Withholding keys to education, literally!

IMAGE THAT WENT VIRAL: Grade 10 pupils from Xhentse Senior Secondary School writing their final exams in the open, unprotected from the sweltering sun Picture: SUPPLIED
IMAGE THAT WENT VIRAL: Grade 10 pupils from Xhentse Senior Secondary School writing their final exams in the open, unprotected from the sweltering sun Picture: SUPPLIED
By LUZUKO SIDIMBA and NIKA SOON-SHIONG

Late last year, Grade 10 pupils at Xhentse Senior Secondary School wrote their final exams seated outside in the open air, unprotected from the sweltering sun.

Xhentse SS is a quintile one school (the poorest category) in Maqhingeni, a village in Libode.
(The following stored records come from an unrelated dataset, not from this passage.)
Lemma weighted_shift_add v w : T (vadd v w) = vadd (T v) (T w).
Proof. by apply: vec_ext => i; rewrite /vadd !wT mulrDr. Qed.

Lemma weighted_shift_scale a v : T (vscale a v) = vscale a (T v).
Proof. by apply: vec_ext => i; rewrite /vscale !wT mulrCA. Qed.

Lemma weighted_shift_zero : T vzero = vzero.
Proof. by apply: vec_ext => i; rewrite wT mulr0. Qed.

Lemma weighted_shift_linear :
  (forall v, laurent v -> laurent (T v)) /\
  (forall v w, laurent v -> laurent w -> T (vadd v w) = vadd (T v) (T w)) /\
  (forall a v, laurent v -> T (vscale a v) = vscale a (T v)).
Proof.
split; first exact: weighted_shift_laurent.
by split=> [v w _ _ | a v _]; [exact: weighted_shift_add | exact: weighted_shift_scale].
Qed.

End WeightedShift.

Lemma A_x_weighted_shift : weighted_shift A_x (fun=> 1) (-1).
Proof. by move=> v i; rewrite mul1r. Qed.

Lemma A_y_weighted_shift lam z :
  weighted_shift (A_y lam z) (fun i => lam (i + 1) + z) 1.
Proof. by []. Qed.

Lemma B_x_weighted_shift lam z : weighted_shift (B_x lam z) (fun i => lam i + z) (-1).
Proof. by []. Qed.

Lemma B_y_weighted_shift : weighted_shift B_y (fun=> 1) 1.
Proof. by move=> v i; rewrite mul1r. Qed.

Lemma Hop_weighted_shift lam : weighted_shift (Hop lam) lam 0.
Proof. by move=> v i; rewrite addr0. Qed.

Lemma vscale_weighted_shift a : weighted_shift (vscale a) (fun=> a) 0.
Proof. by move=> v i; rewrite addr0. Qed.

Lemma laurent_vscale a v : laurent v -> laurent (vscale a v).
Proof. exact: weighted_shift_laurent (vscale_weighted_shift a) v. Qed.

Lemma op_poly_Hop f lam v : op_poly f (Hop lam) v = fun i => f.[lam i] * v i.
Proof.
have iterH k : iter k (Hop lam) v = fun i => lam i ^+ k * v i.
  by elim: k => [|k IH] /=; apply: vec_ext => i; rewrite ?IH /Hop ?mul1r // exprS mulrA.
apply: vec_ext => i; rewrite /op_poly horner_coef big_distrl /=.
by apply: eq_bigr => k _; rewrite iterH mulrA.
Qed.

Lemma Hf_module_of_weighted_shifts f lam X cX dX Y cY dY :
  weighted_shift X cX dX -> weighted_shift Y cY dY ->
  (forall v, Hop lam (X v) = X (op_poly f (Hop lam) v)) ->
  (forall v, Y (Hop lam v) = op_poly f (Hop lam) (Y v)) ->
  (forall v, vsub (Y (X v)) (X (Y v)) = vsub (op_poly f (Hop lam) v) (Hop lam v)) ->
  is_Hf_module f X Y (Hop lam).
Proof.
move=> wX wY HX YH YX; split; first exact: laurent_vzero.
split; first exact: laurent_vadd.
split; first exact: laurent_vscale.
split; last by split; [|split] => v _.
move=> T [->|[->|->]]; apply: weighted_shift_linear;
  [exact: wX | exact: wY | exact: Hop_weighted_shift].
Qed.

Lemma A_Hf_module f lam z : in_Sf f lam -> is_Hf_module f A_x (A_y lam z) (Hop lam).
Proof.
move=> hf; apply: (Hf_module_of_weighted_shifts A_x_weighted_shift (A_y_weighted_shift lam z))
  => v; rewrite op_poly_Hop; apply: vec_ext => i.
- by rewrite /Hop /A_x hf subrK.
- by rewrite /Hop /A_y hf; ring.
- by rewrite /vsub /Hop /A_y /A_x subrK addrK hf; ring.
Qed.

Lemma B_Hf_module f lam z : in_Sf f lam -> is_Hf_module f (B_x lam z) B_y (Hop lam).
Proof.
move=> hf; apply: (Hf_module_of_weighted_shifts (B_x_weighted_shift lam z) B_y_weighted_shift)
  => v; rewrite op_poly_Hop; apply: vec_ext => i.
- by rewrite /Hop /B_x hf subrK; ring.
- by rewrite /Hop /B_y hf; ring.
- by rewrite /vsub /Hop /B_y /B_x addrK subrK hf; ring.
Qed.

(** * Reduction to one residue class *)

Record Hsubspace (lam : int -> algC) (S : vec -> Prop) : Prop := {
  Hsubspace_laurent : forall v, S v -> laurent v;
  Hsubspace0 : S vzero;
  Hsubspace_add : forall v w, S v -> S w -> S (vadd v w);
  Hsubspace_scale : forall a v, S v -> S (vscale a v);
  Hsubspace_H : forall v, S v -> S (Hop lam v) }.

Lemma submodule_Hsubspace X Y lam S :
  is_submodule X Y (Hop lam) S -> Hsubspace lam S.
Proof. by move=> [? [? [? [? [_ [_ ?]]]]]]. Qed.

Definition supp_in (v : vec) (a : int) (n : nat) : Prop :=
  forall i, v i != 0 -> a <= i < a + n%:Z.

Definition in_class (m b : int) (v : vec) : Prop :=
  forall i, v i != 0 -> (m %| i - b)%Z.

Definition shifted_copy (k : int) (v w : vec) : Prop :=
  exists2 c : int -> algC, (forall l, c l != 0) & forall l, w (l + k) = c l * v l.

Definition shiftable (S : vec -> Prop) : Prop :=
  forall k v, S v -> exists2 w, S w & shifted_copy k v w.

Definition separates (lam : int -> algC) (m : int) : Prop :=
  forall i j, ~~ (m %| i - j)%Z -> exists k, lam (i + k) != lam (j + k).

Lemma laurent_supp v : laurent v -> exists N : nat, supp_in v (- N%:Z) (N + N).+1.
Proof. by move=> [N vN]; exists N => i; apply: contraNT => ?; rewrite vN //; lia. Qed.

Lemma shifted_copy_trans k1 k2 u v w :
  shifted_copy k1 u v -> shifted_copy k2 v w -> shifted_copy (k1 + k2) u w.
Proof.
move=> [c1 nz_c1 uv] [c2 nz_c2 vw]; exists (fun l => c2 (l + k1) * c1 l).
  by move=> l; rewrite mulf_neq0.
by move=> l; rewrite addrA vw uv mulrA.
Qed.

Lemma weighted_shift_copy T c d v :
  weighted_shift T c d -> (forall i, c i != 0) -> shifted_copy (- d) v (T v).
Proof. by move=> wT nz_c; exists (fun l => c (l - d)) => // l; rewrite wT subrK. Qed.

Lemma shiftable_of_steps S :
  (forall v, S v -> exists2 w, S w & shifted_copy 1 v w) ->
  (forall v, S v -> exists2 w, S w & shifted_copy (-1) v w) -> shiftable S.
Proof.
move=> up down k v Sv; elim/int_rect: k => [|n [w Sw vw]|n [w Sw vw]].
- by exists v => //; exists (fun=> 1) => [l|l]; rewrite ?oner_neq0 ?addr0 ?mul1r.
- have [w' Sw' ww'] := up w Sw; exists w' => //.
  by rewrite -addn1 PoszD; exact: shifted_copy_trans vw ww'.
- have [w' Sw' ww'] := down w Sw; exists w' => //.
  by rewrite -addn1 PoszD opprD; exact: shifted_copy_trans vw ww'.
Qed.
Three classrooms serve over 200 pupils from Grades 10 to 12.

All three classrooms were built in 1997 by community members when each household donated R30 to build the only high school in the village.
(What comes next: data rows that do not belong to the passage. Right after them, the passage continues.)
(* Let $\ell\ge1$, $\mathbf u=(u_1,\dots,u_\ell)\in\Bbbk^\ell$, $1\le i\le\ell$ and $r\ge1$, and put $g_{r,i}:=g_r(u_1)\circ g_r(u_2)\circ\cdots\circ g_r(u_i)\in\mathrm{End}_{\mathcal{AS}}(r)$. Let $\gamma$ be a strict $(1+\ell)$-multicomposition with $\gamma^{(0)}=\gamma^{(1)}=\cdots=\gamma^{(i-1)}=\emptyset$ and $\gamma^{(i)}=(r,\gamma^{(i)}_2,\dots)$, so that $w(\gamma)=(u_1,\dots,u_i,r,y)$ for some word $y$. Then the image in $\mathrm{End}_{\mathcal{S}chur_{\mathbf u}}(\gamma)$ of the morphism $1_{u_1}\otimes\cdots\otimes1_{u_i}\otimes g_{r,i}\otimes 1_y$ is zero.
   Context: Let $\Bbbk$ be a commutative ring with $1$. The affine Schur category $\mathcal{AS}$ is the strict $\Bbbk$-linear monoidal category defined as follows. Generating objects: the integers $a\ge1$ (black strands of thickness $a$) and the elements $u\in\Bbbk$ (red strands labelled $u$); objects are finite words in these, tensor product being concatenation. Generating morphisms, for $a,b\ge1$, $u\in\Bbbk$: merge $M_{a,b}:(a,b)\to(a+b)$, split $S_{a,b}:(a+b)\to(a,b)$, crossing $X_{a,b}:(a,b)\to(b,a)$, dot $\omega_a:(a)\to(a)$, traverse-up $U_{a,u}:(a,u)\to(u,a)$, traverse-down $D_{u,a}:(u,a)\to(a,u)$. Conventions: a black strand of thickness $0$ is the unit object and any merge, split or crossing involving a thickness-$0$ strand is an identity. Derived morphisms: $\omega_{a,0}:=1_a$; $\omega_{a,r}:=M_{r,a-r}(\omega_r\otimes1_{a-r})S_{r,a-r}$ for $1\le r\le a$; $\omega_{a,r}:=0$ if $r<0$ or $r>a$; $S^{(a)},M^{(a)}$ iterated splits/merges between $(a)$ and $(1,\dots,1)$; $g_r(u):=\sum_{i=0}^{r}(-1)^i\big(\prod_{j=0}^{i-1}(u+j)\big)\omega_{r,r-i}$. Defining relations, for all $a,b,c,d,r\ge1$, $u\in\Bbbk$: (R1) $M_{a+b,c}(M_{a,b}\otimes1_c)=M_{a,b+c}(1_a\otimes M_{b,c})$, $(S_{a,b}\otimes1_c)S_{a+b,c}=(1_a\otimes S_{b,c})S_{a,b+c}$; (R2) if $a+c=b+d$: $S_{b,d}M_{a,c}=\sum(M_{s,c-t}\otimes M_{a-s,t})(1_s\otimes X_{a-s,c-t}\otimes1_t)(S_{s,a-s}\otimes S_{c-t,t})$ over $0\le s\le\min(a,b)$, $0\le t\le\min(c,d)$, $t-s=d-a$; (R3) $M_{a,b}S_{a,b}=\binom{a+b}{a}1_{a+b}$; (R4) $(\omega_b\otimes1_a)X_{a,b}=\sum_{t=0}^{\min(a,b)}t!\,(M_{t,b-t}\otimes M_{a-t,t})(1_t\otimes X_{a-t,b-t}\otimes1_t)(1_t\otimes1_{a-t}\otimes\omega_{b-t}\otimes1_t)(S_{t,a-t}\otimes S_{b-t,t})$ and $X_{b,a}(\omega_b\otimes1_a)=\sum_{t=0}^{\min(a,b)}t!\,(M_{t,a-t}\otimes M_{b-t,t})(1_t\otimes1_{a-t}\otimes\omega_{b-t}\otimes1_t)(1_t\otimes X_{b-t,a-t}\otimes1_t)(S_{t,b-t}\otimes S_{a-t,t})$; (R5) $S_{a,b}\omega_{a+b}=(\omega_a\otimes\omega_b)S_{a,b}$, $\omega_{a+b}M_{a,b}=M_{a,b}(\omega_a\otimes\omega_b)$; (R6) $M^{(a)}(\omega_1\otimes\cdots\otimes\omega_1)S^{(a)}=a!\,\omega_a$; (R7) $D_{u,r}U_{r,u}=g_r(u)\otimes1_u$, $U_{r,u}D_{u,r}=1_u\otimes g_r(u)$; (R8) $(D_{u,b}\otimes1_a)(1_u\otimes X_{a,b})(U_{a,u}\otimes1_b)=(1_b\otimes U_{a,u})(X_{a,b}\otimes1_u)(1_a\otimes D_{u,b})+\sum_{t=1}^{\min(a,b)}t!\,(M_{t,b-t}\otimes1_u\otimes M_{a-t,t})(1_t\otimes1_{b-t}\otimes U_{a-t,u}\otimes1_t)(1_t\otimes X_{a-t,b-t}\otimes1_u\otimes1_t)(1_t\otimes1_{a-t}\otimes D_{u,b-t}\otimes1_t)(S_{t,a-t}\otimes1_u\otimes S_{b-t,t})$; (R9) $(1_u\otimes S_{b,c})U_{b+c,u}=(U_{b,u}\otimes1_c)(1_b\otimes U_{c,u})(S_{b,c}\otimes1_u)$, $(S_{a,b}\otimes1_u)D_{u,a+b}=(1_a\otimes D_{u,b})(D_{u,a}\otimes1_b)(1_u\otimes S_{a,b})$, $D_{u,b+c}(1_u\otimes M_{b,c})=(M_{b,c}\otimes1_u)(1_b\otimes D_{u,c})(D_{u,b}\otimes1_c)$, $U_{a+b,u}(M_{a,b}\otimes1_u)=(1_u\otimes M_{a,b})(U_{a,u}\otimes1_b)(1_a\otimes U_{b,u})$. Cyclotomic Schur category: fix $\ell\ge1$ and $\mathbf u=(u_1,\dots,u_\ell)\in\Bbbk^\ell$. A strict $(1+\ell)$-multicomposition is a tuple $\lambda=(\lambda^{(0)},\dots,\lambda^{(\ell)})$ of (possibly empty) finite sequences of positive integers; let $w(\lambda):=\lambda^{(0)}\,u_1\,\lambda^{(1)}\,u_2\cdots u_\ell\,\lambda^{(\ell)}$ (an object of $\mathcal{AS}$). The cyclotomic Schur category $\mathcal{S}chur_{\mathbf u}$ is the $\Bbbk$-linear category whose objects are the strict $(1+\ell)$-multicompositions, with $\mathrm{Hom}_{\mathcal{S}chur_{\mathbf u}}(\mu,\lambda)$ the quotient of $\mathrm{Hom}_{\mathcal{AS}}(w(\mu),w(\lambda))$ by the span of all morphisms factoring through an object $w(\gamma)$ with $\gamma^{(0)}\ne\emptyset$ (i.e. the relations of $\mathcal{AS}$ together with $1_\gamma=0$ whenever $\gamma^{(0)}\neq\emptyset$), composition induced from $\mathcal{AS}$. *)

(* Affine Schur category AS presented by generators and
   relations, as a syntactic (untyped) term language + typing judgement +
   the congruence generated by the axioms of a strict k-linear monoidal
   category and the relations (R1)-(R9); and the cyclotomic quotient. *)
From mathcomp Require Import all_boot all_algebra.
Set Implicit Arguments. Unset Strict Implicit. Unset Printing Implicit Defensive.
Import GRing.Theory.
Local Open Scope ring_scope.

(* letters of words: black strands of thickness a (a >= 1 for genuine
   objects), red strands labelled u *)
Inductive letter (R : Type) := Blk of nat | Red of R.
Arguments Blk {R} _.
Arguments Red {R} _.

(* raw morphism terms.  Comp f g = f o g (g first). *)
Inductive term (R : Type) :=
| Id of seq (letter R)
| Comp of term R & term R
| Tens of term R & term R
| Zero of seq (letter R) & seq (letter R)
| Add of term R & term R
| Scale of R & term R
| Merge of nat & nat
| Split of nat & nat
| Cross of nat & nat
| Dot of nat
| Up of nat & R
| Down of R & nat.
Arguments Id {R} _.
Arguments Zero {R} _ _.
Arguments Merge {R} _ _.
Arguments Split {R} _ _.
Arguments Cross {R} _ _.
Arguments Dot {R} _.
Overcrowding at the school is so severe that, during exam time, some pupils must go to a different school to write exams while others suffer outdoors.

Still, Xhentse had a 75% matric pass rate last year – 15.5% higher than the provincial average.

This is testament to the committed educators and pupils who strive for excellence in an unconducive environment.

In November, a team from Equal Education visited Xhentse SS and other schools in Libode, collecting data on the state of school infrastructure in rural parts of the province.

As well as the classroom shortage at Xhentse, we found the fence to have so many holes that the school and those who occupy it are vulnerable to criminals.

They are also reliant on rainwater harvesting which means that during dry seasons pupils have no access to water.

The inadequate infrastructure at Xhentse SS illustrates the type of crisis conditions we found in November. We were investigating the government’s compliance with the Minimum Regulations Relating to Norms and Standards for School Infrastructure, the law which states that by November 29, 2016, all public schools must have had access to water, sanitation, electricity and be made of appropriate structures (not mud, wood, asbestos, or zinc).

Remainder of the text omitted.